Sounds like a pretty kick butt party. Really great ideas


----------



## AriaDragonfly (Oct 7, 2009)

Haha take whatever you want!


----------



## besthalloween (Oct 4, 2009)

The party sounds fabulous. Am I invited?

Don't forget the sound effects and creepy music. You have to have zombies jump out of closets and ghouls arise spontaneously from open coffins. You might want to have costumed friends or teens dress up and hide behind bushes or trees in the front of your house, and then jump out and startle your guests as they arrive.

If you have a spare room with a big screen (or small) TV available, you could have a loop of the Rob Zombie "Halloween" movie playing continuously. Plenty of blood and guts in that version.

Take lots of pictures!


----------



## Nikita (Sep 21, 2009)

OW! I'm deeply disappointed about the Rob Zombie Halloween thing; why does everyone like that one so much? I think it killed the entire vibe of Moustafa Akkad's version! -sorry, just had to let that out-

For the vampire bedroom you could go for red or black satin sheets, and just put someone/puppet in there, arms crossed etc. And then perhaps raise up when someone come in. Curtains blowing in open window would do very well for that... If you do one bedroom vampire and the other zombie, I would make a huge contrast between the smae things: satin sheets vs disgusting filthy sheets, velvet curtains vs cleescloth ones, clean floor vs bloody floor, shiny candleholders vs ccandleholders with the candles broken half lying next to it...something like that.


----------



## AriaDragonfly (Oct 7, 2009)

Fortunately my bedroom already is almost like a vampire bedroom haha... I have Gothic dresser/vanity furniture, a dark cherry wood bed, red and black bed sheets and comforter and dark red curtains. So all I'll really need is like black roses, some sort of candelabra, and maybe a few other things.
The second bedroom though will need a lot, as all that is in there is a guest bed with purple sheets and the ferrets live in there.... so all their toys and such (we have quite a few ferrets and cats residing with us... and two rabbits)


----------



## Drayvan (Sep 22, 2009)

Your party and rooms sound great for the second bedroom if the ferrets run loose maybe you could do a rabid animal attack scene.

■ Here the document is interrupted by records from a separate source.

Lemma flen_trade a i c t e : (c <= nth 0 a i)%N ->
  (flen (trade a i c t e) + c = flen a + e)%N.
Proof.
move=> le_ci; apply/eqP; rewrite -(eqr_nat rat) !natrD !flen_fval.
by rewrite fval_trade // !expr1n !mulr1; apply/eqP; ring.
Qed.

(* With m = n(r), a termination measure for lengthening trades. *)
Definition fval_nat (m : nat) (a : seq nat) : nat :=
  \sum_(i < size a) nth 0 a i * m ^ i.

Lemma fval_nat_trade m a i c t e : (c <= nth 0 a i)%N ->
  (fval_nat m (trade a i c t e) + c * m ^ i = fval_nat m a + e * m ^ t)%N.
Proof.
have fval_natE b : (fval_nat m b)%:R = fval m%:R b.
  by rewrite natr_sum; apply: eq_bigr => j _; rewrite natrM natrX.
move=> le_ci; apply/eqP; rewrite -(eqr_nat rat) !natrD !natrM !natrX.
by rewrite !fval_natE fval_trade //; apply/eqP; ring.
Qed.

Lemma fval_trade_down r a i : 0 <= r -> (nq r <= nth 0 a i)%N ->
  fval r (trade a i (nq r) i.+1 (dq r)) = fval r a.
Proof.
move=> r_ge0 le_ni.
by rewrite fval_trade // exprS mulrA [_ * r]mulrC mul_dq // addrNK.
Qed.

Lemma fval_trade_up r a i : 0 <= r -> (dq r <= nth 0 a i.+1)%N ->
  fval r (trade a i.+1 (dq r) i (nq r)) = fval r a.
Proof.
move=> r_ge0 le_di.
by rewrite fval_trade // exprS mulrA [_ * r]mulrC mul_dq // subrK.
Qed.

Definition nq_bounded r a := forall i, (i < size a)%N -> (nth 0 a i < nq r)%N.
Definition dq_bounded r a := forall i, (0 < i < size a)%N -> (nth 0 a i < dq r)%N.

Section Uniqueness.

Variable r : rat.
Hypothesis r_gt0 : 0 < r.
Local Notation n := (nq r).
Local Notation d := (dq r).

Let psum (f : nat -> nat) K := \sum_(i < K.+1) (f i)%:R * r ^+ i.
Let psum_cleared (f : nat -> nat) K :=
  (\sum_(i < K.+1) f i * n ^ i * d ^ (K - i))%N.

Lemma psum_clear f K : psum f K * d%:R ^+ K = (psum_cleared f K)%:R.
Proof.
rewrite mulr_suml natr_sum; apply: eq_bigr => i _.
have le_iK : (i <= K)%N by rewrite -ltnS.
have -> : d%:R ^+ K = d%:R ^+ i * d%:R ^+ (K - i) :> rat by rewrite -exprD subnKC.
by rewrite !natrM !natrX -mul_dq ?ltW // exprMn; ring.
Qed.

Lemma psum_eq_cleared f g K :
  psum f K = psum g K -> psum_cleared f K = psum_cleared g K.
Proof. by move=> eq_fg; apply/eqP; rewrite -(eqr_nat rat) -!psum_clear eq_fg. Qed.

Lemma psum_cleared_modn f K : psum_cleared f K = f 0%N * d ^ K %[mod n].
Proof.
rewrite /psum_cleared big_ord_recl /= expn0 muln1 subn0 -modnDmr.
suff /eqP -> : ((\sum_(i < K) f i.+1 * n ^ i.+1 * d ^ (K - i.+1)) %% n == 0)%N.
  by rewrite addn0.
by rewrite -/(dvdn _ _) dvdn_sum // => i _; rewrite expnS mulnCA -mulnA dvdn_mulr.
Qed.

Lemma psum_cleared_modd f K : psum_cleared f K = f K * n ^ K %[mod d].
Proof.
rewrite /psum_cleared big_ord_recr /= subnn expn0 muln1 -modnDml.
suff /eqP -> : ((\sum_(i < K) f i * n ^ i * d ^ (K - i)) %% d == 0)%N by [].
rewrite -/(dvdn _ _) dvdn_sum // => i _.
by rewrite dvdn_mull // dvdn_exp ?subn_gt0.
Qed.

Lemma psum_eq_coef0 f g K : (f 0 < n)%N -> (g 0 < n)%N ->
  psum f K = psum g K -> f 0%N = g 0%N.
Proof.
move=> lt_f0 lt_g0 /psum_eq_cleared eq_fg.
have /eqP := congr1 (modn^~ n) eq_fg.
rewrite !psum_cleared_modn eqn_modMr_coprime ?coprimeXr ?coprime_num_den //.
by rewrite !modn_small // => /eqP.
Qed.

Lemma psum_eq_coef_top f g K : (f K < d)%N -> (g K < d)%N ->
  psum f K = psum g K -> f K = g K.
Proof.
move=> lt_fK lt_gK /psum_eq_cleared eq_fg.
have /eqP := congr1 (modn^~ d) eq_fg.
rewrite !psum_cleared_modd eqn_modMr_coprime; last first.
  by rewrite coprimeXr // coprime_sym coprime_num_den.
by rewrite !modn_small // => /eqP.
Qed.

Lemma psum_nq_unique K f g : (forall i, f i < n)%N -> (forall i, g i < n)%N ->
  psum f K = psum g K -> forall i, (i <= K)%N -> f i = g i.
Proof.
elim: K f g => [|K IH] f g lt_f lt_g eq_fg.
  by case=> // _; apply: psum_eq_coef0 eq_fg.
have eq_f0 := psum_eq_coef0 (lt_f 0%N) (lt_g 0%N) eq_fg.
have tail h : psum h K.+1 = (h 0%N)%:R + r * psum (fun i => h i.+1) K.
  rewrite /psum big_ord_recl expr0 mulr1 mulr_sumr; congr (_ + _).
  by apply: eq_bigr => i _; rewrite /= exprS mulrCA.
move: eq_fg; rewrite !tail eq_f0 => /addrI /(mulfI (lt0r_neq0 r_gt0)) eq_tail.
by case=> // i /IH-/(_ (fun j => f j.+1) (fun j => g j.+1)); apply.
Qed.

Lemma psum_dq_unique K f g :
  (forall i, 0 < i -> f i < d)%N -> (forall i, 0 < i -> g i < d)%N ->
  psum f K = psum g K -> forall i, (i <= K)%N -> f i = g i.
Proof.
move=> lt_f lt_g; elim: K => [|K IH] eq_fg.
  move: eq_fg; rewrite /psum !big_ord1 !expr0 !mulr1 => /eqP.
  by rewrite eqr_nat => /eqP eq_f0 [].
have eq_top := psum_eq_coef_top (lt_f K.+1 isT) (lt_g K.+1 isT) eq_fg.
move: eq_fg; rewrite /psum !(big_ord_recr K.+1) /= eq_top => /addIr /IH eq_init i.
by rewrite leq_eqVlt ltnS => /orP[/eqP ->|]; [|apply: eq_init].
Qed.

Lemma nq_bounded_unique a b : nq_bounded r a -> nq_bounded r b ->
  fval r a = fval r b -> fsame a b.
Proof.
move=> small_a small_b; set K := (size a + size b)%N.
have [le_aK le_bK] : (size a <= K.+1)%N /\ (size b <= K.+1)%N by lia.
rewrite (fval_widen r le_aK) (fval_widen r le_bK) => /psum_nq_unique eq_ab.
apply: (fsame_prefix le_aK le_bK); apply: eq_ab => i;
  by apply: (@nth_ltn_pad _ predT) => //; apply: nq_gt0.
Qed.

Lemma dq_bounded_unique a b : dq_bounded r a -> dq_bounded r b ->
  fval r a = fval r b -> fsame a b.
Proof.
move=> small_a small_b; set K := (size a + size b)%N.
have [le_aK le_bK] : (size a <= K.+1)%N /\ (size b <= K.+1)%N by lia.
rewrite (fval_widen r le_aK) (fval_widen r le_bK) => /psum_dq_unique eq_ab.
apply: (fsame_prefix le_aK le_bK); apply: eq_ab => i;
  by apply: (@nth_ltn_pad _ (fun i => 0 < i)%N) => //; apply: dq_gt0.
Qed.

End Uniqueness.

Section Extremal.

Variable r : rat.
Hypotheses (r_gt1 : 1 < r) (r_nonint : denq r != 1).
Local Notation n := (nq r).
Local Notation d := (dq r).

Let r_gt0 : 0 < r := lt_trans ltr01 r_gt1.
Let r_ge0 : 0 <= r := ltW r_gt0.

Lemma trade_down_shorter a i : (n <= nth 0 a i)%N ->
  exists2 b, fval r b = fval r a & (flen b < flen a)%N.
Proof.
move=> le_ni; exists (trade a i n i.+1 d); first exact: fval_trade_down.
by have := flen_trade i.+1 d le_ni; have := dq_lt_nq r_gt1; lia.
Qed.

Lemma trade_up_longer a i : (d <= nth 0 a i.+1)%N ->
  exists b, [/\ fval r b = fval r a, (flen a < flen b)%N &
               (fval_nat n b < fval_nat n a)%N].
Proof.
move=> le_di; exists (trade a i.+1 d i n); split; first exact: fval_trade_up.
  by have := flen_trade i n le_di; have := dq_lt_nq r_gt1; lia.
have := fval_nat_trade n i n le_di; rewrite -expnS; have := dq_gt1 r_nonint.
have : (0 < n ^ i.+1)%N by rewrite expn_gt0 nq_gt0.
by move: (n ^ i.+1)%N => q; nia.
Qed.

Lemma exists_nq_bounded a :
  exists2 b, fval r b = fval r a /\ (flen b <= flen a)%N & nq_bounded r b.
Proof.
pose R b c := fval r c = fval r b /\ (flen c <= flen b)%N.
apply: (@descent _ R _ flen) => [b|b c e [eq_cb ?] [eq_ec ?]|b];
  [by []|by split; [rewrite eq_ec|lia]|].
have [small|[i _ /trade_down_shorter[c eq_cb lt_cb]]] :=
  nth_ltn_or_geq n predT b; first by left.
by right; exists c => //; split; [|apply: ltnW].
Qed.

Lemma exists_dq_bounded a :
  exists2 b, fval r b = fval r a /\ (flen a <= flen b)%N & dq_bounded r b.
Proof.
pose R b c := fval r c = fval r b /\ (flen b <= flen c)%N.
apply: (@descent _ R _ (fval_nat n)) => [b|b c e [eq_cb ?] [eq_ec ?]|b];
  [by []|by split; [rewrite eq_ec|lia]|].
have [small|[[|i] // _ /trade_up_longer[c [eq_cb lt_bc lt_cb]]]] :=
  nth_ltn_or_geq d (fun i => 0 < i)%N b; first by left.
by right; exists c => //; split; [|apply: ltnW].
Qed.

Lemma isMinL_nq_bounded x a :
  isFact r x a -> isMinL r x (flen a) <-> nq_bounded r a.
Proof.
move=> fact_a; split=> [[_ a_min]|small_a].
  have [//|[i _ /trade_down_shorter[b eq_ba lt_ba]]] := nth_ltn_or_geq n predT a.
  by have := a_min b (etrans eq_ba fact_a); rewrite leqNgt lt_ba.
split=> [|b fact_b]; first by exists a.
have [c [eq_cb le_cb] small_c] := exists_nq_bounded b.
have eq_ca : fval r c = fval r a by rewrite eq_cb fact_b fact_a.
by rewrite -(flen_fsame (nq_bounded_unique r_gt0 small_c small_a eq_ca)).
Qed.

Lemma isMaxL_dq_bounded x a :
  isFact r x a -> isMaxL r x (flen a) <-> dq_bounded r a.
Proof.
move=> fact_a; split=> [[_ a_max]|small_a].
  have [//|[[|i] // _ /trade_up_longer[b [eq_ba lt_ab _]]]] :=
    nth_ltn_or_geq d (fun i => 0 < i)%N a.
  by have := a_max b (etrans eq_ba fact_a); rewrite leqNgt lt_ab.
split=> [|b fact_b]; first by exists a.
have [c [eq_cb le_bc] small_c] := exists_dq_bounded b.
have eq_ca : fval r c = fval r a by rewrite eq_cb fact_b fact_a.
by rewrite -(flen_fsame (dq_bounded_unique r_gt0 small_c small_a eq_ca)).
Qed.

End Extremal.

Im not sure if you could find any type of color to safely color thier fur reddish. but that would be creepy with a victim that had been bitten/ eaten by the rabid ferrets and other animals in there.


----------



## AriaDragonfly (Oct 7, 2009)

Haha yeah our ferrets do run loose in the room, they have a cage but we keep it open and only put them in it once in a while. 
I was thinking of doing something with them, but they are all really friendly/lazy haha, they mostly sleep all day and sometimes play...


----------



## animespook (Oct 17, 2007)

Caution! Robot said:


> Re: "sound effect under sink (whispering, crying something)" I'm trying the same thing, just ordered an Eviltron from thinkgeek. I hope it will sound ok...

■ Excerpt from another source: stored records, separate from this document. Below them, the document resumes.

(* Let $R$ be a t-unital ring and $f\colon L\to M$ a morphism of left $R$-modules whose kernel and cokernel are null-modules. Then (a) the morphism $R\otimes_R f\colon R\otimes_R L\to R\otimes_R M$ is an isomorphism; (b) the morphism $\mathrm{Hom}_R(R,f)\colon \mathrm{Hom}_R(R,L)\to\mathrm{Hom}_R(R,M)$ is an isomorphism.
   Context: Rings are associative, not necessarily unital; modules are not assumed unital. $R$ is t-unital if the multiplication map $R\otimes_R R\to R$ is an isomorphism. A left $R$-module $N$ is a null-module if $rn=0$ for all $r\in R$, $n\in N$. $\mathrm{Hom}_R$ denotes left $R$-module homomorphisms; $\mathrm{Hom}_R(R,L)$ is a left $R$-module via the right action of $R$ on itself. *)

(* Non-unital rings and non-unital modules are encoded as
   zmodTypes equipped with operations satisfying explicit axioms. *)
From mathcomp Require Import all_boot all_algebra.
Set Implicit Arguments. Unset Strict Implicit. Unset Printing Implicit Defensive.
Import GRing.Theory.
Local Open Scope ring_scope.

Definition nu_ring (R : zmodType) (mul : R -> R -> R) : Prop :=
  [/\ forall a b c, mul a (mul b c) = mul (mul a b) c,
      forall a b c, mul (a + b) c = mul a c + mul b c &
      forall a b c, mul a (b + c) = mul a b + mul a c].

Definition lmodule (R M : zmodType) (mul : R -> R -> R) (act : R -> M -> M) : Prop :=
  [/\ forall r m m', act r (m + m') = act r m + act r m',
      forall r r' m, act (r + r') m = act r m + act r' m &
      forall r s m, act (mul r s) m = act r (act s m)].

Definition lmod_hom (R L M : zmodType) (actL : R -> L -> L) (actM : R -> M -> M)
  (f : L -> M) : Prop :=
  (forall x y, f (x + y) = f x + f y) /\ (forall r x, f (actL r x) = actM r (f x)).

Definition null_kernel (R L M : zmodType) (actL : R -> L -> L) (f : L -> M) : Prop :=
  forall r x, f x = 0 -> actL r x = 0.

Definition null_cokernel (R L M : zmodType) (actM : R -> M -> M) (f : L -> M) : Prop :=
  forall r y, exists x, f x = actM r y.
Lemma normc_le_Re_Im x : normc x <= `|complex.Re x| + `|complex.Im x|.
Proof.
case: x => a b /=; rewrite -[leRHS]ger0_norm ?addr_ge0 // -sqrtr_sqr ler_wsqrtr //.
rewrite -(real_normK (num_real a)) -(real_normK (num_real b)) sqrrD addrAC lerDl.
by rewrite mulrn_wge0 ?mulr_ge0.
Qed.

Lemma Re_le_normc x : `|complex.Re x| <= normc x.
Proof. by rewrite -lecR -normr_normc normc_ge_Re. Qed.

Lemma Im_le_normc x : `|complex.Im x| <= normc x.
Proof.
by case: x => a b /=; rewrite -sqrtr_sqr ler_wsqrtr // lerDr sqr_ge0.
Qed.

Lemma cvgC_normcP u l : u @ \oo --> l <->
  forall e, 0 < e -> \forall N \near \oo, normc (l - u N) < e.
Proof.
split=> [u_cvg e e_gt0 | u_near]; last first.
  apply/cvg_ballP => -[a b]; rewrite ltcE /= => /andP[/eqP-> a_gt0].
  by apply: filterS (u_near a a_gt0) => N; rewrite /ball /= normr_normc ltcR.
have /(_ _ e%:C) := (@cvgrPdist_lt _ (R[i]^o) _ \oo _ u l).1 u_cvg.
rewrite ltcR => /(_ e_gt0); apply: filterS => N; by rewrite normr_normc ltcR.
Qed.

Lemma cvgn_real_cauchy (v : nat -> R) :
  (forall e, 0 < e -> \forall m & n \near \oo, `|v m - v n| < e) -> cvgn v.
Proof.
by move=> v_cauchy; apply/cauchy_cvgP/cauchy_ballP => e /v_cauchy; rewrite near_map2.
Qed.
Lemma tilt_concentrates kk s :
  (forall k, k != kk -> s * (ln (q k) - ln (q kk)) < 0) ->
  forall e, 0 < e -> exists G, forall g, G <= g -> 1 - tilt q p (s * g) kk <= e.
Proof.
move=> s_neg e e0; have eK : 0 < e / K%:R by rewrite divr_gt0 // ltr0n.
have term_small k : exists G : R, k != kk -> forall g, G <= g ->
    p k / p kk * expR (g * (s * (ln (q k) - ln (q kk)))) <= e / K%:R.
  have [->|k_kk] := eqVneq k kk; first by exists 0.
  have d_lt0 := s_neg k k_kk; set d := s * _ in d_lt0 *.
  have C_gt0 : 0 < e / K%:R * (p kk / p k) by rewrite mulr_gt0 // divr_gt0.
  exists (ln (e / K%:R * (p kk / p k)) / d) => _ g G_le.
  rewrite mulrC -invf_div ler_pdivrMr ?divr_gt0 //.
  by rewrite -[X in _ <= X]lnK ?posrE // ler_expR -ler_ndivrMr.
have [G G_spec] := choice term_small.
exists (\sum_k `|G k|) => g G_le.
rewrite tilt_complement.
apply: le_trans (_ : \sum_(k < K | k != kk) (e / K%:R) <= _); last first.
  rewrite big_mkcond (le_trans (_ : _ <= \sum_(k < K) e / K%:R)) //.
    by apply: ler_sum => k _; case: ifP => // _; rewrite ltW.
  by rewrite sumr_const card_ord -[_ *+ K]mulr_natr divfK // pnatr_eq0 -lt0n.
apply: ler_sum => k k_kk; apply: le_trans (tilt_le_ratio _ _ kk) _.
rewrite [s * g]mulrC -[g * s * _]mulrA; apply: (G_spec k k_kk g).
apply: le_trans G_le; apply: le_trans (ler_norm _) _.
by rewrite (bigD1 k) //= lerDl sumr_ge0.
Qed.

Thanks for the tip! I ordered one and will be placing it a couple of feet into the heating vent in the bathroom


----------



## BellezaLatina (Oct 16, 2009)

Great Ideas!!! Thanks for sharing..... hmmm... I got some work to do for my party.


----------



## leighanne4585 (Aug 28, 2009)

Awesome ideas! I always did the hand in punch thing too but got an idea this year, make two hands put them palm up and do a face in the middle. Just grab a plastic face mask and put duct tape on the inside & outside of the mask covering all holes, fill a little over half way. Let it freeze for 2 days and it looks awesome! Hope you have an awesome party!


----------



## superman593 (Sep 18, 2009)

senorita said:


> I did something similar for the bathroom last year (blood, spider sacks etc), but I had "kids playing" sounds in the closet, really quiet, it ended up being really creepy, you could barely hear it, it turned out great! I'm going to try the "crying" sounds this year!
> 
> I'm also doing the themed rooms idea, but we've got 10 rooms and I'm running out of ideas! If anyone has any more ideas please post them! So far I've got the bathroom, similar to what AriaDragonfly is doing, the entrance/hallway is also similar, very dark with a few green spotlights on the spiderwebs in the corners and dark material hanging on the staircase before you get upstairs, living room will be "red" theme, red lights, lots of candles, black curtains, hallway will also have lots of things hanging from the ceiling, with curtains draped at both entrances to the hallway, some skeleton scene setters on the walls and a strobelight, "blacklight" room downstairs with ghost scene setters on the walls, old creepy forest room downstairs, and I'm thinking spiders everywhere on the patio.
> 
> ...



We are doing a freddy themed Powder room (no shower in this one.) Our walls are a gray and red already so we bought the "one, two freddys coming for you..." border scene setter for the top of the room. We are writing on the mirror something about nightmares and above the toilet we hung a freddy costume shirt and hat and the glove will be over by the sink. Then we put a full length freddy scene setter behind the door so that when you close the door and look in the mirror, freddy is behind you... and reducing the lighting to only one bulb in vanity light. Excited to see how this goes with everyone. Thinking about adding scratching sounds under the sink but not sure what to use for the tape recorder.....


----------



## superman593 (Sep 18, 2009)

And you could maybe do a SAW themed room for your empty room with no furntiure.... the scence setters for this are huge with lots of add-ons...


----------



## lollypopholly (Sep 7, 2009)

OH MY GOOD-EVILNESS! YOu are putting on quite the hard core party...Can I come This sounds so fun...Your guest will die from your awesomeness


----------



## lollypopholly (Sep 7, 2009)

should have no problems with the "movements" while in that bathroom


----------



## AriaDragonfly (Oct 7, 2009)

superman593 said:


> We are doing a freddy themed Powder room (no shower in this one.) Our walls are a gray and red already so we bought the "one, two freddys coming for you..." border scene setter for the top of the room. We are writing on the mirror something about nightmares and above the toilet we hung a freddy costume shirt and hat and the glove will be over by the sink. Then we put a full length freddy scene setter behind the door so that when you close the door and look in the mirror, freddy is behind you... and reducing the lighting to only one bulb in vanity light. Excited to see how this goes with everyone. Thinking about adding scratching sounds under the sink but not sure what to use for the tape recorder.....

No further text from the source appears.